Na quinta-feira, as manifestações deixaram um rastro de destruição e sujeira na Avenida Paulista, além de ter bloqueado vias no Centro. Quinze pessoas foram presas e levadas para 78º Distrito Policial, nos Jardins. Entre elas, duas permanecem detidas no começo desta noite.
O vandalismo de quinta-feira atingiu as estações Brigadeiro, Trianon e Vergueiro do Metrô, além do Shopping Paulista, bases móveis da PM, bares e bancas de jornais da região. Marcelo Hotimsky, estudante de filosofia da Universidade de São Paulo (USP), e um dos membros do Movimento Passe Livre (MPL), avisa que os protestos devem seguir nas próximas semanas.

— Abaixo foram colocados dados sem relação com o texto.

(* The theorem is a finite statement about a finite game, and it is proved by
   checking a certificate with a verified move generator. *)

Definition cell_eq_dec : forall x y : cell, {x = y} + {x <> y}.
Proof. decide equality. Defined.
Definition dir_eq_dec : forall u v : dir, {u = v} + {u <> v}.
Proof. decide equality. Defined.
Definition content_eq_dec : forall a b : content, {a = b} + {a <> b}.
Proof. decide equality. Defined.

Definition decb {P : Prop} (h : {P} + {~ P}) : bool := if h then true else false.

Lemma decb_spec (P : Prop) (h : {P} + {~ P}) : decb h = true <-> P.
Proof. unfold decb; destruct h; split; congruence || tauto. Qed.

Lemma negb_decb_spec (P : Prop) (h : {P} + {~ P}) : negb (decb h) = true <-> ~ P.
Proof. unfold decb; destruct h; simpl; split; congruence || tauto. Qed.

Lemma all_cells_complete (x : cell) : In x all_cells.
Proof. destruct x; simpl; tauto. Qed.

Definition all_dirs : list dir := [dN; dS; dE; dW; dSE; dNW].

Lemma all_dirs_complete (u : dir) : In u all_dirs.
Proof. destruct u; simpl; tauto. Qed.

Lemma forallb_cells_spec (f : cell -> bool) :
  forallb f all_cells = true <-> forall z, f z = true.
Proof.
  rewrite forallb_forall; split; intros H z; auto using all_cells_complete.
Qed.

Lemma existsb_cells_spec (f : cell -> bool) :
  existsb f all_cells = true <-> exists z, f z = true.
Proof.
  rewrite existsb_exists; split; [intros [z [_ H]] | intros [z H]];
    eauto using all_cells_complete.
Qed.

Definition lands (o : option cell) (z : cell) : bool :=
  match o with Some y => decb (cell_eq_dec y z) | None => false end.

Lemma lands_spec o z : lands o z = true <-> o = Some z.
Proof.
  destruct o as [y|]; simpl; [rewrite decb_spec|]; split; congruence.
Qed.

Definition holds (B : board) (o : option cell) (c : content) : bool :=
  match o with Some y => decb (content_eq_dec (B y) c) | None => false end.

Lemma holds_spec B o c : holds B o c = true <-> exists y, o = Some y /\ B y = c.
Proof.
  destruct o as [y|]; simpl.
  - rewrite decb_spec; split; [eauto | intros (y' & [= <-] & H); exact H].
  - split; [discriminate | intros (y & [=] & _)].
Qed.

Definition line_holds (B : board) (f : nat -> option cell) (c : content) (a n : nat) : bool :=
  forallb (fun i => holds B (f i) c) (seq a n).

Lemma line_holds_spec B f c a n :
  line_holds B f c a n = true <->
  forall i, a <= i < a + n -> exists y, f i = Some y /\ B y = c.
Proof.
  unfold line_holds; rewrite forallb_forall.
  split; intros H i Hi; apply holds_spec, H, in_seq; exact Hi.
Qed.

Lemma line_holds_group_spec B f c k :
  line_holds B f c 0 k = true <-> forall i, i < k -> exists y, f i = Some y /\ B y = c.
Proof.
  rewrite line_holds_spec; split; intros H i Hi; apply H; lia.
Qed.

Definition in_line (x : cell) (u : dir) (k : nat) (z : cell) : bool :=
  existsb (fun i => lands (go x u i) z) (seq 0 k).

Lemma in_line_spec x u k z : in_line x u k z = true <-> exists i, i < k /\ go x u i = Some z.
Proof.
  unfold in_line; rewrite existsb_exists; split.
  - intros [i [Hi H]]; apply in_seq in Hi; apply lands_spec in H; exists i; split; [lia | exact H].
  - intros [i [Hi H]]; exists i; split; [apply in_seq; lia | apply lands_spec; exact H].
Qed.

Definition target (x : cell) (u : dir) (k : nat) (d : dir) (z : cell) : bool :=
  existsb (fun y => in_line x u k y && lands (go y d 1) z) all_cells.

Lemma target_spec x u k d z : target x u k d z = true <->
  exists y, (exists i, i < k /\ go x u i = Some y) /\ go y d 1 = Some z.
Proof.
  unfold target; rewrite existsb_cells_spec.
  setoid_rewrite andb_true_iff; setoid_rewrite in_line_spec; setoid_rewrite lands_spec.
  reflexivity.
Qed.

Definition broadside_ok (p : player) (B : board) (x : cell) (u : dir) (k : nat) (d : dir) : bool :=
  (1 <=? k) && (k <=? 3) && line_holds B (go x u) (own p) 0 k &&
  ((k =? 1) || negb (decb (dir_eq_dec d u)) && negb (decb (dir_eq_dec d (neg u)))) &&
  forallb (fun y => implb (in_line x u k y) (holds B (go y d 1) Emp)) all_cells.

Definition broadside (p : player) (B : board) (x : cell) (u : dir) (k : nat) (d : dir) : option board :=
  if broadside_ok p B x u k d then
    Some (fun z => if target x u k d z then own p else if in_line x u k z then Emp else B z)
  else None.

Lemma broadside_ok_spec p B x u k d : broadside_ok p B x u k d = true <->
  (1 <= k <= 3) /\ (forall i, i < k -> exists y, go x u i = Some y /\ B y = own p) /\
  (k = 1 \/ (d <> u /\ d <> neg u)) /\
  (forall y, (exists i, i < k /\ go x u i = Some y) -> exists t, go y d 1 = Some t /\ B t = Emp).
Proof.
  unfold broadside_ok.
  rewrite !andb_true_iff, orb_true_iff, andb_true_iff, !Nat.leb_le, Nat.eqb_eq,
    line_holds_group_spec, !negb_decb_spec, forallb_cells_spec.
  setoid_rewrite implb_true_iff; setoid_rewrite holds_spec; setoid_rewrite in_line_spec.
  tauto.
Qed.

Lemma broadside_iff p B x u k d B' :
  broadside_move p B x u k d B' <->
  exists B0, broadside p B x u k d = Some B0 /\ forall z, B' z = B0 z.
Proof.
  unfold broadside_move, broadside; cbv beta zeta.
  destruct (broadside_ok p B x u k d) eqn:Hok.
  - apply broadside_ok_spec in Hok as (Hk & Hg & Hd & Ht).
    split.
    + intros (_ & _ & _ & _ & Hz); eexists; split; [reflexivity|]; intro z.
      destruct (Hz z) as (H1 & H2 & H3).
      destruct (target x u k d z) eqn:ET; [apply H1, target_spec, ET|].
      rewrite <- not_true_iff_false, target_spec in ET.
      destruct (in_line x u k z) eqn:EG; [apply H2, in_line_spec, EG; exact ET|].
      rewrite <- not_true_iff_false, in_line_spec in EG; auto.
    + intros [B0 [[= <-] Hz]].
      split; [exact Hk|]; split; [exact Hg|]; split; [exact Hd|]; split; [exact Ht|].
      intro z; rewrite Hz; split; [|split]; intro HT.
      * apply target_spec in HT; rewrite HT; reflexivity.
      * rewrite <- target_spec, not_true_iff_false in HT; rewrite HT.
        intro HG; apply in_line_spec in HG; rewrite HG; reflexivity.
      * rewrite <- target_spec, not_true_iff_false in HT; rewrite HT.
        intro HG; rewrite <- in_line_spec, not_true_iff_false in HG; rewrite HG; reflexivity.
  - split; [|intros [? [[=] _]]].
    intros (Hk & Hg & Hd & Ht & _).
    rewrite <- not_true_iff_false, broadside_ok_spec in Hok; tauto.
Qed.

Definition inline_group_ok (p : player) (B : board) (y : cell) (d : dir) (k : nat) : bool :=
  (2 <=? k) && (k <=? 3) && line_holds B (go y (neg d)) (own p) 0 k.

Lemma inline_group_ok_spec p B y d k :
  inline_group_ok p B y d k = true <-> inline_group p B y d k.
Proof.
  unfold inline_group_ok, inline_group.
  rewrite !andb_true_iff, !Nat.leb_le, line_holds_group_spec; tauto.
Qed.

Lemma own_not_empty p : own p <> Emp.
Proof. destruct p; discriminate. Qed.
Lemma other_not_empty p : own (other p) <> Emp.
Proof. destruct p; discriminate. Qed.
Lemma own_not_other p : own p <> own (other p).
Proof. destruct p; discriminate. Qed.

Lemma group_tail p B y d k tl :
  inline_group p B y d k -> go y (neg d) (k - 1) = Some tl -> B tl = own p.
Proof.
  intros [Hk Hg] Etl; destruct (Hg (k - 1)) as [w [Ew Bw]]; [lia|congruence].
Qed.

Definition advance (p : player) (B : board) (y : cell) (d : dir) (k : nat) : option board :=
  if inline_group_ok p B y d k then
    match go y d 1, go y (neg d) (k - 1) with
    | Some X, Some tl =>
        if content_eq_dec (B X) Emp then
          Some (fun z => if cell_eq_dec z X then own p
                         else if cell_eq_dec z tl then Emp else B z)
        else None
    | _, _ => None
    end
  else None.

"As pessoas que estavam ontem estavam bravas, o movimento deve continuar. Terça- feira haverá um grande ato na Av. Paulista." Ele ressaltou que os atos de de vandalismo desta quinta só ocorreram após a intervenção da polícia.
O Metrô estima que o prejuízo provocado pelos manifestantes seja de R$ 73 mil. Pelo levantamento da companhia, R$ 68 mil serão gastos com a compra dos vidros das estações e R$ 5 mil com lâmpadas danificadas durante o protesto.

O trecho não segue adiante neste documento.